* [Assigned task] Which lines of the listing below contain the word "groupM"? Return them.

Segment Start: Record excerpts

Lemma swaps_trans v x z z' : e v x -> e v z -> e v z' -> x != z -> z != z' -> x != z' ->
  swaps v x z -> swaps v z z' -> swaps v x z'.
Proof.
move=> ex ez ez' xz zz' xz' [s sG [sv sx sz]] [t tG [tv tz tz']].
exists (s * t); first by rewrite groupM.
set w := s z'.
have ew : e v w by rewrite /w -{1}sv group_autE.
have xw : x != w by rewrite /w -sz (inj_eq perm_inj).
have zw : z != w by rewrite /w -sx (inj_eq perm_inj).
have z'w : z' != w.
  by apply: contra xz => /eqP wz'; rewrite -sx (arc_regular_fix sG ez' sv) ?perm1.
have etw : e v (t w) by rewrite -{1}tv group_autE.
have := tetravalent_neighbours tetra (l := [:: x; z; z'; w]) _ _ _ etw.
rewrite /= ex ez ez' ew !inE !negb_or xz xz' xw zz' zw z'w => /(_ isT erefl isT).
rewrite -{1}tz -{1}tz' !(inj_eq perm_inj) ![w == _]eq_sym (negbTE z'w) (negbTE zw).
have -> : (t w == w) = false.
  by apply/negbTE; apply: contra zz' => /eqP tw; rewrite -tz (arc_regular_fix tG ew tv tw) perm1.
by rewrite !orbF => /eqP twx; split; rewrite !permM ?sv ?tv ?sx ?tz // -/w twx.
Qed.

Lemma swap_neighbours v x y : e v x -> e v y -> x != y -> swaps v x y.
Proof.
move=> ex ey xy; have [_ _ /(_ v x y ex ey) cxy] := HF.
suff [yx | //] : y = x \/ swaps v x y by rewrite yx eqxx in xy.
apply: (connect_ind (P := fun z => z = x \/ swaps v x z) _ _ cxy); first by left.
move=> a b /and3P [ea eb /existsP [f /and3P [fF fa fb]]] Pa.
have [-> | bx] := eqVneq b x; first by left.
have [<- // | ab] := eqVneq a b.
right; case: Pa => [ax | sxa]; first by rewrite -ax; apply: (face_swap fF).
have [xa | xa] := eqVneq x a; first by rewrite xa; apply: (face_swap fF).
by apply: (swaps_trans ex ea eb xa ab _ sxa (face_swap fF fa fb ab)); rewrite eq_sym.
Qed.

Lemma uconsistent_symmetric C : uconsistent e G C -> usymmetric e G C.
Proof.
move=> HCs; split => //; have [s [Ds Es /dconsistentE [g gG gs] _]] := HCs.
exists s; split => //; have [Us Ss Cs] := Ds.
case: s Us Ss Cs gs {Ds Es} => [|v0 [|v1 [|v2 w]]] // Us _ Cs gs.
have [g0 g1] : g v0 = v1 /\ g v1 = v2 by case/and3P: gs => /eqP -> /eqP ->.
have [e10 e12] : e v1 v0 /\ e v1 v2 by case/and3P: Cs; rewrite esym => -> ->.
have v02 : v0 != v2 by case/and3P: Us; rewrite !inE !negb_or => /and3P [].
have [r rG [rv1 rv0 rv2]] := swap_neighbours e10 e12 v02.
have rgr : g ^ r = g^-1.
  apply: (arc_regular_uniq (u := v2) (v := v1)); rewrite ?groupJ ?groupV //; first by rewrite esym.
  - by rewrite conjgE !permM -{1}rv0 permK g0 rv1 -{1}g1 permK.
  - by rewrite conjgE !permM -{1}rv1 permK g1 rv2 -{1}g0 permK.
exists r => //; exists (index v2 (rev [:: v0, v1, v2 & w])).
rewrite map_cons rv0; apply: (fcycle_eq_rot (f := g^-1)).
- exact: fcycle_revV.
- by rewrite -rgr -{1}rv0 -map_cons; apply: fcycle_mapJ.
- by rewrite mem_rev !inE eqxx !orbT.
- by rewrite size_rev size_map.
Qed.

Lemma map_orbits_symmetric O : cc_orbit e G O -> orbit_symmetric e G O.
Proof. by move=> HO C /(cc_orbit_consistent HO); apply: uconsistent_symmetric. Qed.

End SymmetricFromMap.

Lemma stab_map_rot C m t j t' : m \in G -> uniq t ->
  cycle_edges t = C -> cycle_edges t' = C -> map m t = rot j t' -> m \in 'C_G[C | cyc_act].
Proof.
move=> mG Ut Et Et' mt; rewrite inE mG; apply/astab1P.
by rewrite -act_cycE -Et (act_cycle_edges Ut mt) Et'.
Qed.

Section SymmetricCycle.
Variables (C : {set {set V}}) (s : seq V) (h h' r : {perm V}) (k : nat).
Hypotheses (Us : uniq s) (Es : cycle_edges s = C).
Hypotheses (hG : h \in G) (hs : fcycle h s) (h'G : h' \in G) (h's : fcycle h' (rev s)).
Hypotheses (rG : r \in G) (rs : map r s = rot k (rev s)).

Lemma arc_from_base a x y : a \in s -> [set x; y] \in C ->
  exists2 m, m \in 'C_G[C | cyc_act] & m a = x /\ m (h a) = y.
Proof.
have Urs : uniq (rev s) by rewrite rev_uniq.
have Ers : cycle_edges (rev s) = C by rewrite cycle_edges_rev.
have hS : h \in 'C_G[C | cyc_act].
  by apply: (stab_map_rot (j := 1%N) hG Us Es Es); apply/eqP; rewrite -fcycle_rot1.
have h'S : h' \in 'C_G[C | cyc_act].
  by apply: (stab_map_rot (j := 1%N) h'G Urs Ers Ers); apply/eqP; rewrite -fcycle_rot1.
have rS : r \in 'C_G[C | cyc_act] := stab_map_rot rG Us Es Ers rs.
move=> a_s; rewrite -{1}Es => /(cycle_edgesP _ _ Us) [xs [->|->]].
  have [j [ja jh]] := fcycle_expg_arc hs a_s xs.
  exists (h ^+ j); first by rewrite groupX.
  by rewrite ja jh (nextE hs).
have ras : r a \in rev s by rewrite -(mem_rot k) -rs map_f.
have xrs : x \in rev s by rewrite mem_rev.
have [j [ja jh]] := fcycle_expg_arc h's ras xrs.
exists (r * h' ^+ j); first by rewrite groupM ?groupX.
have rh : r (h a) = h' (r a).
  by rewrite -(nextE hs) // -(next_map (@perm_inj _ r) Us) rs (next_rot _ Urs) (nextE h's).
by rewrite !permM ja rh jh -(nextE h's) // next_rev.
Qed.

End SymmetricCycle.

Lemma symmetric_arc_transitive C a b c d : usymmetric e G C ->
  [set a; b] \in C -> [set c; d] \in C ->
  exists2 m, m \in 'C_G[C | cyc_act] & m a = c /\ m b = d.
Proof.
case=> HC [s [Ds Es [r rG [k rs]]]] ab cd; have [Us _ _] := Ds.
have Ers : cycle_edges (rev s) = C by rewrite cycle_edges_rev.
have [h hG hs] := uconsistent_fcycle HC Ds Es.
have [h' h'G h's] := uconsistent_fcycle HC (dcycle_rev esym Ds) Ers.
have a_s : a \in s by rewrite -Es in ab; apply: cycle_edges_mem ab.
have base := arc_from_base Us Es hG hs h'G h's rG rs a_s.
have [m1 m1S [m1a m1b]] := base a b ab; have [m2 m2S [m2c m2d]] := base c d cd.
exists (m1^-1 * m2); first by rewrite groupM ?groupV.
by rewrite !permM -{1}m1a -m1b !permK.
Qed.

Section MapFromOrbits.
Hypothesis tetra : tetravalent e.
Hypothesis Hsym : forall O, cc_orbit e G O -> orbit_symmetric e G O.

Segment End: Record excerpts

* [Answer section]
exists (s * t); first by rewrite groupM.
exists (r * h' ^+ j); first by rewrite groupM ?groupX.
exists (m1^-1 * m2); first by rewrite groupM ?groupV.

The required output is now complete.